◆ What the exercise asks ◆
Filter these entries so that only lines with the word "have" remain.

◆ Given information ◆
——

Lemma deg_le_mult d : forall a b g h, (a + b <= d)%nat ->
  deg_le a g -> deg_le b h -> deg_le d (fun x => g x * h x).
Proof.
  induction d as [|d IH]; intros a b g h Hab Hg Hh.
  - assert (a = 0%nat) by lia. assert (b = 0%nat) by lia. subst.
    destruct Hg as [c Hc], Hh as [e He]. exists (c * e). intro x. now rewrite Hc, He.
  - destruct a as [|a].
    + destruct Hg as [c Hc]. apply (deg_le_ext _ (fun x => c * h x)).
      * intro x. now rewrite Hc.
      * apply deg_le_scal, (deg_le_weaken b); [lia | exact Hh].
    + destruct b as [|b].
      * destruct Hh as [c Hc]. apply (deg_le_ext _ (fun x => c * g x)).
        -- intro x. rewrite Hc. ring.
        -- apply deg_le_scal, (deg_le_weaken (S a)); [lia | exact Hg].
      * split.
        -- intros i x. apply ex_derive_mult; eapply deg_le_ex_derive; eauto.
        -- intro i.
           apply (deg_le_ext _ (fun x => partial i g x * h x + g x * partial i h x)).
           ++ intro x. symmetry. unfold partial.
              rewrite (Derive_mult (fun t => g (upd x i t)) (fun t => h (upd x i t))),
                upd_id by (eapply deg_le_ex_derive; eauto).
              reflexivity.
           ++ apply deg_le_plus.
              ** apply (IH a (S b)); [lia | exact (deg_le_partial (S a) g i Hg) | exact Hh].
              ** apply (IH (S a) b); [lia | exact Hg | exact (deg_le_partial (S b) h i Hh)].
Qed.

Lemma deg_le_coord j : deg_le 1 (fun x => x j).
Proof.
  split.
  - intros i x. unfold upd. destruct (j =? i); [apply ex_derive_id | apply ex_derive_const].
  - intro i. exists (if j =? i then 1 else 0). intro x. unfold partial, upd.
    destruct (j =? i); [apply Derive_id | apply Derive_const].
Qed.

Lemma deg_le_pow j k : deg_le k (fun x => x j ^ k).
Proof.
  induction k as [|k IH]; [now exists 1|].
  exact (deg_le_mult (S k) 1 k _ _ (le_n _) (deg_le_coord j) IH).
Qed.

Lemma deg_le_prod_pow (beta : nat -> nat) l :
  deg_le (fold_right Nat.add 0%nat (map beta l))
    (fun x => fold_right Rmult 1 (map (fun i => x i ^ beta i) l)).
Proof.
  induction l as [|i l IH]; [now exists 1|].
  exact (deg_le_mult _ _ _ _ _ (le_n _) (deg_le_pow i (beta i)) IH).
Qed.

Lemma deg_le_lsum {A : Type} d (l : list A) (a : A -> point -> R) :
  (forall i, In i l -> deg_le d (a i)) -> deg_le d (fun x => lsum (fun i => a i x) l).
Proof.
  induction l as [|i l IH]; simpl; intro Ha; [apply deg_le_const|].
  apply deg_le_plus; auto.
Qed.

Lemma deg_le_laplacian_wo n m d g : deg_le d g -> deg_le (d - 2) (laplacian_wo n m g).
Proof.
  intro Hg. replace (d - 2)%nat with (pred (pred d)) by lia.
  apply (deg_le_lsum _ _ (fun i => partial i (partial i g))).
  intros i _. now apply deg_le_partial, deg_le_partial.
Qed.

——

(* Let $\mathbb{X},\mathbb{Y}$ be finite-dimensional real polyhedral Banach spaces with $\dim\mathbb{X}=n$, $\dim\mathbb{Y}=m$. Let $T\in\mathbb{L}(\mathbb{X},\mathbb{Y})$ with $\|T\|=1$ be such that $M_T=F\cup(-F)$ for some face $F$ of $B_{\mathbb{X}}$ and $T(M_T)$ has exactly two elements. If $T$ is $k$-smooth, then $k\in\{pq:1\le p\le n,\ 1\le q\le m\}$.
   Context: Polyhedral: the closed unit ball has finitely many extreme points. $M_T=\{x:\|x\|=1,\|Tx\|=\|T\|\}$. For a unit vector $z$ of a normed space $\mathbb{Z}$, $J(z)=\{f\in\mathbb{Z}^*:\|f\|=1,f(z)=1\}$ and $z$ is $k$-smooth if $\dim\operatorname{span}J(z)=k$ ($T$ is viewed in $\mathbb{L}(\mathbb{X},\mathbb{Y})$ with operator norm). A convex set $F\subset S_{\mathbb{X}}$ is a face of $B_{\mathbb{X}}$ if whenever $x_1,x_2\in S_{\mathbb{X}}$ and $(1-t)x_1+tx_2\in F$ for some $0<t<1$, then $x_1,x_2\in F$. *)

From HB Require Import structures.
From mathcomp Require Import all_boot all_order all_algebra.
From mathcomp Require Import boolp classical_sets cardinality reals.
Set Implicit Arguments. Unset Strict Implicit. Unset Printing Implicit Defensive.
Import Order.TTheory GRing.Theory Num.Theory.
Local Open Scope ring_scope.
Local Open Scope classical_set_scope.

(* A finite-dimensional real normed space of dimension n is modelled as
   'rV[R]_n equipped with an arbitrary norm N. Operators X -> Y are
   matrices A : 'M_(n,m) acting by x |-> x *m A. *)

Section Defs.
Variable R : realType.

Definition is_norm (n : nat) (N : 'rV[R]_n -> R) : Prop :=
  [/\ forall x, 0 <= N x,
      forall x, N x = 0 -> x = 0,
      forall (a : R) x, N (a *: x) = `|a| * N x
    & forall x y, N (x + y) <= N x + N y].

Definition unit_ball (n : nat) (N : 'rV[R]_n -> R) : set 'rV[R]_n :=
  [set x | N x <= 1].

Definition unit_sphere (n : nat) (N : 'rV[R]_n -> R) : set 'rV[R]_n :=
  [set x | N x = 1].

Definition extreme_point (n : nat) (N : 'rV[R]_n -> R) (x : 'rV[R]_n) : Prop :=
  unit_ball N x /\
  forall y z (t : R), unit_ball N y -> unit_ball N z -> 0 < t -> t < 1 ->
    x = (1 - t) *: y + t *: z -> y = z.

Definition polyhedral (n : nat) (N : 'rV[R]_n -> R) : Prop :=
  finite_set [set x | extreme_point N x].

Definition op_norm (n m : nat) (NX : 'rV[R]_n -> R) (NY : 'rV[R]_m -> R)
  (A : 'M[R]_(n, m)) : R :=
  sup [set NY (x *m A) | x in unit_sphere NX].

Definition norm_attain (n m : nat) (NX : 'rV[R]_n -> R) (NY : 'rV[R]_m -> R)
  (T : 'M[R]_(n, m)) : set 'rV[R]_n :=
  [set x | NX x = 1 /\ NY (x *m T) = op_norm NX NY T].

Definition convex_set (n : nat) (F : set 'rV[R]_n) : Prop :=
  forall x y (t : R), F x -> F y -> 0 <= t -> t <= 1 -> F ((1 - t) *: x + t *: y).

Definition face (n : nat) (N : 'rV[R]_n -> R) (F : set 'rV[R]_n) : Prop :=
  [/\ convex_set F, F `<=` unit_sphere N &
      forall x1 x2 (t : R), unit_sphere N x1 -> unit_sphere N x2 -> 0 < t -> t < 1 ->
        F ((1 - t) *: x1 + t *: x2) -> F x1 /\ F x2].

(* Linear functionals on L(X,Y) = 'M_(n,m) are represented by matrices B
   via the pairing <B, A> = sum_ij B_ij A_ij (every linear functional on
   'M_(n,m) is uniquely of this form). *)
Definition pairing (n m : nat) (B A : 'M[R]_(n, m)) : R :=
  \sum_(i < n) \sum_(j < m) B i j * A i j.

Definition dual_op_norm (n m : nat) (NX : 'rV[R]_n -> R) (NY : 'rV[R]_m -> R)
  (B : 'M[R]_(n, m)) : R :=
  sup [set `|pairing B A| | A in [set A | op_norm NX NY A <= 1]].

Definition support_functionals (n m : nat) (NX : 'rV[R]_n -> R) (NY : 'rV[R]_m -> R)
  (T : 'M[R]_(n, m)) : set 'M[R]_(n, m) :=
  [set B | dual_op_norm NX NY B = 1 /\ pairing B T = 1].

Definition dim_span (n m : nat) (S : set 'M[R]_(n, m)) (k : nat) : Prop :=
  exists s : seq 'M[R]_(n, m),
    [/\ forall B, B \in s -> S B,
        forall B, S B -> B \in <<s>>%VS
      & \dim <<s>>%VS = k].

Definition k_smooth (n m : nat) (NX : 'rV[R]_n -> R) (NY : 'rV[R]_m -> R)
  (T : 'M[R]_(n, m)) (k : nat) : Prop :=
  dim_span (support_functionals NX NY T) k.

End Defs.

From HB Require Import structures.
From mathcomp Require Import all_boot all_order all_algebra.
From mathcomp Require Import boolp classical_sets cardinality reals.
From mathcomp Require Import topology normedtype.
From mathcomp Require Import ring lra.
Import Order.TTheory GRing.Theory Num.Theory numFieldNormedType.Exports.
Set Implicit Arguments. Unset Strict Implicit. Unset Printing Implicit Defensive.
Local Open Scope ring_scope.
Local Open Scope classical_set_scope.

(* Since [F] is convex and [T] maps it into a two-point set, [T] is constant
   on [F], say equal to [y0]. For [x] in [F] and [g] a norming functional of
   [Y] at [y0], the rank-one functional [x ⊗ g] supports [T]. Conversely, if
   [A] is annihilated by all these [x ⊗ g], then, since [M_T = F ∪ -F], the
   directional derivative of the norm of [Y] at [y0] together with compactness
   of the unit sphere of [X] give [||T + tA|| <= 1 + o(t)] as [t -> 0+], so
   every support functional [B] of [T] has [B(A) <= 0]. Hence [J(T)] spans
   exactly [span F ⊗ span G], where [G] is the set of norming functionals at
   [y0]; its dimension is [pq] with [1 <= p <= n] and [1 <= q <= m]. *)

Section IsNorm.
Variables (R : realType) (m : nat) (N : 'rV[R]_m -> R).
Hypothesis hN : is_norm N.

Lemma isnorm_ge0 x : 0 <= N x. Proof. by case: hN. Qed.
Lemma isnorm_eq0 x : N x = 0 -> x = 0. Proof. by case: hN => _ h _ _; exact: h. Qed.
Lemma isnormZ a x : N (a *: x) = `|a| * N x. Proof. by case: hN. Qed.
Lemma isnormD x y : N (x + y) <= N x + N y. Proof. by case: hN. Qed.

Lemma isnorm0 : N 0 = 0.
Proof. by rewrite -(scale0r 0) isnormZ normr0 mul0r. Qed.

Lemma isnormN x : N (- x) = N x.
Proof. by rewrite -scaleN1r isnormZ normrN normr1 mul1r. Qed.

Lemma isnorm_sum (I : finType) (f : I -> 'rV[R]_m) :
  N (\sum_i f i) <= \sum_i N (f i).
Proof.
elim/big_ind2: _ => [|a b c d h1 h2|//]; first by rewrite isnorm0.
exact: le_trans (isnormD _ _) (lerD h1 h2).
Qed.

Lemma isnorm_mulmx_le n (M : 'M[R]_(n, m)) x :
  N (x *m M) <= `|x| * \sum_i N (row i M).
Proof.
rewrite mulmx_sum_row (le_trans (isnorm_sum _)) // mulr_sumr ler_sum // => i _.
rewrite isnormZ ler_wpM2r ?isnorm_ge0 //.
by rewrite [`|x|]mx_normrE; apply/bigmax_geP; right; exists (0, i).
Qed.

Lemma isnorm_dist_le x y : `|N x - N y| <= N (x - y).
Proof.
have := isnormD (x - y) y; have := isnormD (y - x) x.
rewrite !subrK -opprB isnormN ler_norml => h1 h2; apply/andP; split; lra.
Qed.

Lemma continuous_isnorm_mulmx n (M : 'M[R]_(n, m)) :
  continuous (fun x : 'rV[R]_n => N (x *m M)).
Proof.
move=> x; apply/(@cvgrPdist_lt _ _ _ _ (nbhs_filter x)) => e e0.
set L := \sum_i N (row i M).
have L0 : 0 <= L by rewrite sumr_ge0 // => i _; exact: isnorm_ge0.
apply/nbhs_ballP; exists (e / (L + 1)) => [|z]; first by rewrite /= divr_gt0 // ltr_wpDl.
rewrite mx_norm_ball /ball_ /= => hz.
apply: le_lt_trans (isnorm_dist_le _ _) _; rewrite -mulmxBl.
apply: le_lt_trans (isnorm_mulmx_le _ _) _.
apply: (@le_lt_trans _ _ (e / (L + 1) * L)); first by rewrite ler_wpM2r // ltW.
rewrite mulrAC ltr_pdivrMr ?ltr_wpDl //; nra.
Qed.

——

◆ Task answer ◆
have := isnormD (x - y) y; have := isnormD (y - x) x.
have L0 : 0 <= L by rewrite sumr_ge0 // => i _; exact: isnorm_ge0.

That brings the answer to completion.